▸ **Exercise details**
List all lines in the material below that contain "intertwines".

▸ **The data**

Lemma inner_der_subr0 D : inner_der S T (fun a => D a - 0) <-> inner_der S T D.
Proof. by split; apply: inner_der_ext => a; rewrite subr0. Qed.

End Closure.

Definition hom_sqmod m n (S : {poly F} -> 'M[R]_m) (T : {poly F} -> 'M[R]_n) :=
  @SQ {poly F} 'M[R]_(n, m) (is_hom S T) (fun x y => x = y)
      (fun a h => T a *m h) +%R 0.

Definition ext_sqmod m n (S : {poly F} -> 'M[R]_m) (T : {poly F} -> 'M[R]_n) :=
  @SQ {poly F} ({poly F} -> 'M[R]_(n, m)) (der S T)
      (fun eta1 eta2 => inner_der S T (fun a => eta1 a - eta2 a))
      (fun a eta b => T a *m eta b) (fun eta1 eta2 b => eta1 b + eta2 b) (fun _ => 0).

Section Composition.
Variables (m m' n n' : nat) (S : {poly F} -> 'M[R]_m) (S' : {poly F} -> 'M[R]_m').
Variables (T : {poly F} -> 'M[R]_n) (T' : {poly F} -> 'M[R]_n').

Lemma der_lmul (L : 'M[R]_(n', n)) D :
  intertwines T T' L -> der S T D -> der S T' (fun a => L *m D a).
Proof.
move=> hL [linD DM]; split => [c a b|a b]; first by rewrite linD mulmxDr mulmx_scr.
by rewrite DM mulmxDr !mulmxA hL.
Qed.

Lemma der_rmul (L : 'M[R]_(m, m')) D :
  intertwines S' S L -> der S T D -> der S' T (fun a => D a *m L).
Proof.
move=> hL [linD DM]; split => [c a b|a b]; first by rewrite linD mulmxDl scalemxAl.
by rewrite DM mulmxDl -!mulmxA hL.
Qed.

Lemma inner_der_lmul (L : 'M[R]_(n', n)) D :
  intertwines T T' L -> inner_der S T D -> inner_der S T' (fun a => L *m D a).
Proof. by move=> hL [U HU]; exists (L *m U) => a; rewrite HU mulmxBr !mulmxA hL. Qed.

Lemma inner_der_rmul (L : 'M[R]_(m, m')) D :
  intertwines S' S L -> inner_der S T D -> inner_der S' T (fun a => D a *m L).
Proof. by move=> hL [U HU]; exists (U *m L) => a; rewrite HU mulmxBl -!mulmxA hL. Qed.

Lemma der_lcancel (L : 'M[R]_(n', n)) (L' : 'M[R]_(n, n')) D :
  L' *m L = 1%:M -> intertwines T T' L -> der S T' (fun a => L *m D a) -> der S T D.
Proof.
move=> LL' hL [linD DM]; have DE a : D a = L' *m (L *m D a) by rewrite mulmxA LL' mul1mx.
split => [c a b|a b]; first by rewrite DE linD mulmxDr mulmx_scr -!DE.
by rewrite DE DM mulmxDr (mulmxA (T' a)) -hL !mulmxA LL' !mul1mx.
Qed.

Lemma der_rcancel (L : 'M[R]_(m, m')) (L' : 'M[R]_(m', m)) D :
  L *m L' = 1%:M -> intertwines S' S L -> der S' T (fun a => D a *m L) -> der S T D.
Proof.
move=> LL' hL [linD DM]; have DE a : D a = D a *m L *m L' by rewrite -mulmxA LL' mulmx1.
split => [c a b|a b]; first by rewrite DE linD mulmxDl -scalemxAl -!DE.
by rewrite DE DM mulmxDl -(mulmxA (D a)) hL !mulmxA -!(mulmxA _ L) LL' !mulmx1.
Qed.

▸ **Result of this task**
  intertwines T T' L -> der S T D -> der S T' (fun a => L *m D a).
  intertwines S' S L -> der S T D -> der S' T (fun a => D a *m L).
  intertwines T T' L -> inner_der S T D -> inner_der S T' (fun a => L *m D a).
  intertwines S' S L -> inner_der S T D -> inner_der S' T (fun a => D a *m L).
  L' *m L = 1%:M -> intertwines T T' L -> der S T' (fun a => L *m D a) -> der S T D.
  L *m L' = 1%:M -> intertwines S' S L -> der S' T (fun a => D a *m L) -> der S T D.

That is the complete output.